▶ [Aim of the exercise]
Look through the entries for the string "Definition", and copy each line that holds it.

Dataset excerpts
--*--

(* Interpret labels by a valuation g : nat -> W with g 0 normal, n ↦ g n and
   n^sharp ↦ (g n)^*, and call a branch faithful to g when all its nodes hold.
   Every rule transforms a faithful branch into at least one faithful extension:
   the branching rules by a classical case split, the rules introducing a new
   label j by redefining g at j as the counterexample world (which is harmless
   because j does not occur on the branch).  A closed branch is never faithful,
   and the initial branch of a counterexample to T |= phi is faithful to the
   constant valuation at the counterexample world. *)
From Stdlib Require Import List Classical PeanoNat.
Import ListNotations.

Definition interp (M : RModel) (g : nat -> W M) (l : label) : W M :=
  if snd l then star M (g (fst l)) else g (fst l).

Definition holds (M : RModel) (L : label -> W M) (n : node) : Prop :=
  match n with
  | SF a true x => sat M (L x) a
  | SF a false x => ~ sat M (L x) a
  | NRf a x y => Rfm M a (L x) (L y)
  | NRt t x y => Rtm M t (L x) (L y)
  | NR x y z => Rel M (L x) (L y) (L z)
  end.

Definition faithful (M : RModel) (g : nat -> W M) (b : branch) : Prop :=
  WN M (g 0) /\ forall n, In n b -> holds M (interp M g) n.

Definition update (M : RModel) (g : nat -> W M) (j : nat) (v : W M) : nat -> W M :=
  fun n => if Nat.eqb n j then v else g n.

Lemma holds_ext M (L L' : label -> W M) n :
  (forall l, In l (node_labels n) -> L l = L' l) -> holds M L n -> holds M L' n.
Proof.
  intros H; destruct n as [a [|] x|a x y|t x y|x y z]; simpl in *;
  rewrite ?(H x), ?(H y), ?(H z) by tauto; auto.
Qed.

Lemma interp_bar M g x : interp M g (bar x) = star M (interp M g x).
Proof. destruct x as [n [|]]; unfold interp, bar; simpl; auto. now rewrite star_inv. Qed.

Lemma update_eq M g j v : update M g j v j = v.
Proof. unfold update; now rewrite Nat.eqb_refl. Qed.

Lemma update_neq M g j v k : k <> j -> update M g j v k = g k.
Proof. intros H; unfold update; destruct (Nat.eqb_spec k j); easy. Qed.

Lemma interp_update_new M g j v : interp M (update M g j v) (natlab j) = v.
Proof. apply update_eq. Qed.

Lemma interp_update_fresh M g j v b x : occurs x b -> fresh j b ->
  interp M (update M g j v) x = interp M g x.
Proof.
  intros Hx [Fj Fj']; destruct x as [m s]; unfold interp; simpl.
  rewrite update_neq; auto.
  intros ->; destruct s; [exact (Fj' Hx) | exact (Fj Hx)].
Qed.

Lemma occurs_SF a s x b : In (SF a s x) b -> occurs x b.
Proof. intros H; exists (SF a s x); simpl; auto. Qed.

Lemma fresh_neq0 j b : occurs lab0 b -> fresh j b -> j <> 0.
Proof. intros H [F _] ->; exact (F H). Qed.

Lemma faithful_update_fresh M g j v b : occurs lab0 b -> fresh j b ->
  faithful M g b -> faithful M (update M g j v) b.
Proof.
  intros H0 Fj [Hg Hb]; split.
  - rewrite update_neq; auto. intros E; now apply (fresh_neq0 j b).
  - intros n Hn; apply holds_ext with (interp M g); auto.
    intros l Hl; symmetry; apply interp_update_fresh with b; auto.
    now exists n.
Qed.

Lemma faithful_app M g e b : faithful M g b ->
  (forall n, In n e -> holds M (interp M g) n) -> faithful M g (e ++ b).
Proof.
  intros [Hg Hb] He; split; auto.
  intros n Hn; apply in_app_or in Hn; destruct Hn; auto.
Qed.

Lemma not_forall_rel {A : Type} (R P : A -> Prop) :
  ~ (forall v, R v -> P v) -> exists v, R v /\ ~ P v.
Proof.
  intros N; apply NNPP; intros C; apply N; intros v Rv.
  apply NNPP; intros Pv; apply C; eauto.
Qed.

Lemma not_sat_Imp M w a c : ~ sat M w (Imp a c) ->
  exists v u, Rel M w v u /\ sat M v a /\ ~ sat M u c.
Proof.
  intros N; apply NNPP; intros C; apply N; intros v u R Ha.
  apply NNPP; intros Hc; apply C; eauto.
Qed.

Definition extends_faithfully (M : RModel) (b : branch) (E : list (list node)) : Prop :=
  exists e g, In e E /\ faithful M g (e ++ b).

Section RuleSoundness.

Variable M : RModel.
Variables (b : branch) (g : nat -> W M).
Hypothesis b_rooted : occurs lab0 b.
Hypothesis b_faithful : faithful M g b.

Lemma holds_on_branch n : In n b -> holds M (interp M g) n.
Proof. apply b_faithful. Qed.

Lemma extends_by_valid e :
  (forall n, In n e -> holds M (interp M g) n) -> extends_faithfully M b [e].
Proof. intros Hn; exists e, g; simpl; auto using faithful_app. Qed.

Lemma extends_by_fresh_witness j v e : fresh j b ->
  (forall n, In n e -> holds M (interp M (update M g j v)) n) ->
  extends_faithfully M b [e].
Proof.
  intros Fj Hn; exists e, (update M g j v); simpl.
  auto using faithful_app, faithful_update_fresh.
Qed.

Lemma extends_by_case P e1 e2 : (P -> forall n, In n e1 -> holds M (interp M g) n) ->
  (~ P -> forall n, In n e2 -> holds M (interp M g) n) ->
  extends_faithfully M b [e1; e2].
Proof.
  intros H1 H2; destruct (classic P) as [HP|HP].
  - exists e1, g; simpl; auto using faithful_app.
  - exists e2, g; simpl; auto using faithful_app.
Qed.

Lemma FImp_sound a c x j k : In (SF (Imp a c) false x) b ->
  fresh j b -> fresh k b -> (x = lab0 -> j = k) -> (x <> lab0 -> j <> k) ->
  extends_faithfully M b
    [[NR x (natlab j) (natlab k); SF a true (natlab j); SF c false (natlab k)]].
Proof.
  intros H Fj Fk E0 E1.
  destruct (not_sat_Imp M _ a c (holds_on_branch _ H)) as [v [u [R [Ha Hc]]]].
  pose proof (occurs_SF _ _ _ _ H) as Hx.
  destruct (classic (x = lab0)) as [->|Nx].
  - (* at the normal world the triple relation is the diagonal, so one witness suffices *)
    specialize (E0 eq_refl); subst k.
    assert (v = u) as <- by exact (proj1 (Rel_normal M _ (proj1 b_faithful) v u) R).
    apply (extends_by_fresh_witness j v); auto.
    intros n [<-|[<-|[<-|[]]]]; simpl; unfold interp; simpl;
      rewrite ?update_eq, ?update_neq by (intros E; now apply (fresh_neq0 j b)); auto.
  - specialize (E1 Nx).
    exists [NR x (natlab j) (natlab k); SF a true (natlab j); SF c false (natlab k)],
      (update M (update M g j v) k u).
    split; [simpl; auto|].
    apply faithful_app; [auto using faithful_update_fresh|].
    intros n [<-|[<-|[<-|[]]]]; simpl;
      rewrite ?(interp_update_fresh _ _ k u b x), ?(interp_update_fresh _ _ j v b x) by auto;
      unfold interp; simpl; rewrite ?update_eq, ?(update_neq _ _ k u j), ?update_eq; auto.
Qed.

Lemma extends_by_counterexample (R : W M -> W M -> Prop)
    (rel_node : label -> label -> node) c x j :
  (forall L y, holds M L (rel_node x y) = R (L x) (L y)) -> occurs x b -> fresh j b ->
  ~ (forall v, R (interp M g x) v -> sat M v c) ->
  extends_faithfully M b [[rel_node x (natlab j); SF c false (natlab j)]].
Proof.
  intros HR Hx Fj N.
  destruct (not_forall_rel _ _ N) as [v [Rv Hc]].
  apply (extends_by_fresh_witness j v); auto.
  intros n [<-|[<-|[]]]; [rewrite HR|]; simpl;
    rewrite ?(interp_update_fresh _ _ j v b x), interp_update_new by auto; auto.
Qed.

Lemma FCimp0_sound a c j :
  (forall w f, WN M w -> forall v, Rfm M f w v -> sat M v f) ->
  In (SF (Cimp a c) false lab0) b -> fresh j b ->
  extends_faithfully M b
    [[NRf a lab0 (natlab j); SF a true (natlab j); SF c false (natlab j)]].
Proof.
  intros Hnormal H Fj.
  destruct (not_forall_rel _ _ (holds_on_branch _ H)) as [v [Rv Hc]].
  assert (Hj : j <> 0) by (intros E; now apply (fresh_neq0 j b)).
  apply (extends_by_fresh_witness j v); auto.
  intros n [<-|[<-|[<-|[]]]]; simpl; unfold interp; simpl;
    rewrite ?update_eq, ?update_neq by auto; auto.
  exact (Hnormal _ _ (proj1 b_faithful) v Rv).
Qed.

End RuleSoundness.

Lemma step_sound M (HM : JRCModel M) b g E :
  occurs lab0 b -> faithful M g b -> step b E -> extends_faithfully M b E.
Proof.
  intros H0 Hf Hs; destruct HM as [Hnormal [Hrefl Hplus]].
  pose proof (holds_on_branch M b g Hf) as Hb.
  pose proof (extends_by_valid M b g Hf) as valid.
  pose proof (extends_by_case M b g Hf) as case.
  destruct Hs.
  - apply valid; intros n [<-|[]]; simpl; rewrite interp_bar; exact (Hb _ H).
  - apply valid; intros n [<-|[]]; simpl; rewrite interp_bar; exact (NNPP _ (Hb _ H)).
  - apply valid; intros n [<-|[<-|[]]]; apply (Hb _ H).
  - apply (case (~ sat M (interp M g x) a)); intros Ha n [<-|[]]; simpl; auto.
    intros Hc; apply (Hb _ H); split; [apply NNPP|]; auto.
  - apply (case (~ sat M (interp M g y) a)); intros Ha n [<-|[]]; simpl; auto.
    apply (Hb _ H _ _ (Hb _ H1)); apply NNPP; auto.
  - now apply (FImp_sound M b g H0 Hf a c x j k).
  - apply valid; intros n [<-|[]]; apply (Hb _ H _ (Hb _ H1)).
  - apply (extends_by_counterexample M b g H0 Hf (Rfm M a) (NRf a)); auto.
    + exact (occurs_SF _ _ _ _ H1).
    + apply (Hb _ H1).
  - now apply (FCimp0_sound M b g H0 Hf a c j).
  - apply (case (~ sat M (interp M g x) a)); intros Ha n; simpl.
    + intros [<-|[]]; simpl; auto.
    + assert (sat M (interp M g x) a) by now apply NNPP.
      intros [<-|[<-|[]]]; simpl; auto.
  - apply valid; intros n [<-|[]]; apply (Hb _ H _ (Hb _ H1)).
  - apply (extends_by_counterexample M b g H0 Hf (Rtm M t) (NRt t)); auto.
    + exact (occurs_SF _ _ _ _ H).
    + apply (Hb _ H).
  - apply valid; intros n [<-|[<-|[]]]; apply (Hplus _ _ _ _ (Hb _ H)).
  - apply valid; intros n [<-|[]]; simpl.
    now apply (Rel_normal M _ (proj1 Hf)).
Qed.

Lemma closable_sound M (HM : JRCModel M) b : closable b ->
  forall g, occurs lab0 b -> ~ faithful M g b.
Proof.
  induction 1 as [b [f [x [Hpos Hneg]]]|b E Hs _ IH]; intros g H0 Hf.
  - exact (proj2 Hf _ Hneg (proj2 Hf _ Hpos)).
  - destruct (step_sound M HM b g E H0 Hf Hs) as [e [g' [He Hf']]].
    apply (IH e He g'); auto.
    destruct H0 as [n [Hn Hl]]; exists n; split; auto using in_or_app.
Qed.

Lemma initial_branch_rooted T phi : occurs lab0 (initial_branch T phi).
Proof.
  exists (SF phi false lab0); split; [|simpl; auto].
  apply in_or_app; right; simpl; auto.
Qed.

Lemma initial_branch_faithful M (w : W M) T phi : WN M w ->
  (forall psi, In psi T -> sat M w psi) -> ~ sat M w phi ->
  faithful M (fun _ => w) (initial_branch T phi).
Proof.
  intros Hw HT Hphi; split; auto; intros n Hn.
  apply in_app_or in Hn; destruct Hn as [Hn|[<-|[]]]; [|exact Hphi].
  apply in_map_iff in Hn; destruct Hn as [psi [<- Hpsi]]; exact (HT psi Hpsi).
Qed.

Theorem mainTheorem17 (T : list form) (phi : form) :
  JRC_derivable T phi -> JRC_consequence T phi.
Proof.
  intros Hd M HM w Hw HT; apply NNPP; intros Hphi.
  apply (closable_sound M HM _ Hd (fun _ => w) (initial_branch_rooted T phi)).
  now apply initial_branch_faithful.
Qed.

--*--

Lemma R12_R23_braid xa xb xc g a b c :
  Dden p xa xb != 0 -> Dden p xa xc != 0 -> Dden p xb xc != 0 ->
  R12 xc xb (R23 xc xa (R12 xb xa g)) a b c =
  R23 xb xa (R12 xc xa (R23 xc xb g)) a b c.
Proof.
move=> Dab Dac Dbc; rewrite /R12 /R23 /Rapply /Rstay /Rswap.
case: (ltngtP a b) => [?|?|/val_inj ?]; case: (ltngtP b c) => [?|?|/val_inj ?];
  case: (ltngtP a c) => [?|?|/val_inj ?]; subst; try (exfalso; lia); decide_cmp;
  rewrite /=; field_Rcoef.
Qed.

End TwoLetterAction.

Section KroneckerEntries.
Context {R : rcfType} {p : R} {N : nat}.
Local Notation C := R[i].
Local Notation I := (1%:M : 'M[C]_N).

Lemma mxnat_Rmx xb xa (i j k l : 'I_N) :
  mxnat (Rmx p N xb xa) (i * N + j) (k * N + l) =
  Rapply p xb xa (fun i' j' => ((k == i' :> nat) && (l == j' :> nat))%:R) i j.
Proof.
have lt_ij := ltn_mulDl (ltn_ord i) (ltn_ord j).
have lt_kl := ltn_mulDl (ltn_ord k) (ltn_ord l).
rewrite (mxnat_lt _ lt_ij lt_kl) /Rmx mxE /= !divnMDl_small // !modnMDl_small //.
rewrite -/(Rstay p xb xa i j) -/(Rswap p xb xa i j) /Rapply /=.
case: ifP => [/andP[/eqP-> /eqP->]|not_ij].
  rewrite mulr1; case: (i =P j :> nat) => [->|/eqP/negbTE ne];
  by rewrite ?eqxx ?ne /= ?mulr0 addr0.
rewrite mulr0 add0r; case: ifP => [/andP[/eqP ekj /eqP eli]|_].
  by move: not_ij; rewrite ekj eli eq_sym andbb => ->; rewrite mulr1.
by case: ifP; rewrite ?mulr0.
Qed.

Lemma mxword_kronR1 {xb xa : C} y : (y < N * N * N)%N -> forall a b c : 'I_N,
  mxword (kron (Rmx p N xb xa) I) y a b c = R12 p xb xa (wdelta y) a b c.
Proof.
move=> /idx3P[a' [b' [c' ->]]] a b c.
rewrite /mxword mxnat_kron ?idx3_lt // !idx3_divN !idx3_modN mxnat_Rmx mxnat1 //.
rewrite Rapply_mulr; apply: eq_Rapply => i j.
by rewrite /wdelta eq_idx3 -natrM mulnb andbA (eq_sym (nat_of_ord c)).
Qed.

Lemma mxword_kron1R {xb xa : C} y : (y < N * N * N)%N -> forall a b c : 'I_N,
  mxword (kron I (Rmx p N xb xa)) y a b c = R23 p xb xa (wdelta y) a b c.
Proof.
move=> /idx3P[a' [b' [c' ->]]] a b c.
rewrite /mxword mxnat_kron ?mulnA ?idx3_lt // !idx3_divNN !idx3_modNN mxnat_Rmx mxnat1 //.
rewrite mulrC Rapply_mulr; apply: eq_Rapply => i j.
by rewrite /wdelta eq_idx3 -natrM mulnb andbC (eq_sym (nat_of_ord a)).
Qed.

--*--

▶ [Solved problem]
Definition interp (M : RModel) (g : nat -> W M) (l : label) : W M :=
Definition holds (M : RModel) (L : label -> W M) (n : node) : Prop :=
Definition faithful (M : RModel) (g : nat -> W M) (b : branch) : Prop :=
Definition update (M : RModel) (g : nat -> W M) (j : nat) (v : W M) : nat -> W M :=
Definition extends_faithfully (M : RModel) (b : branch) (E : list (list node)) : Prop :=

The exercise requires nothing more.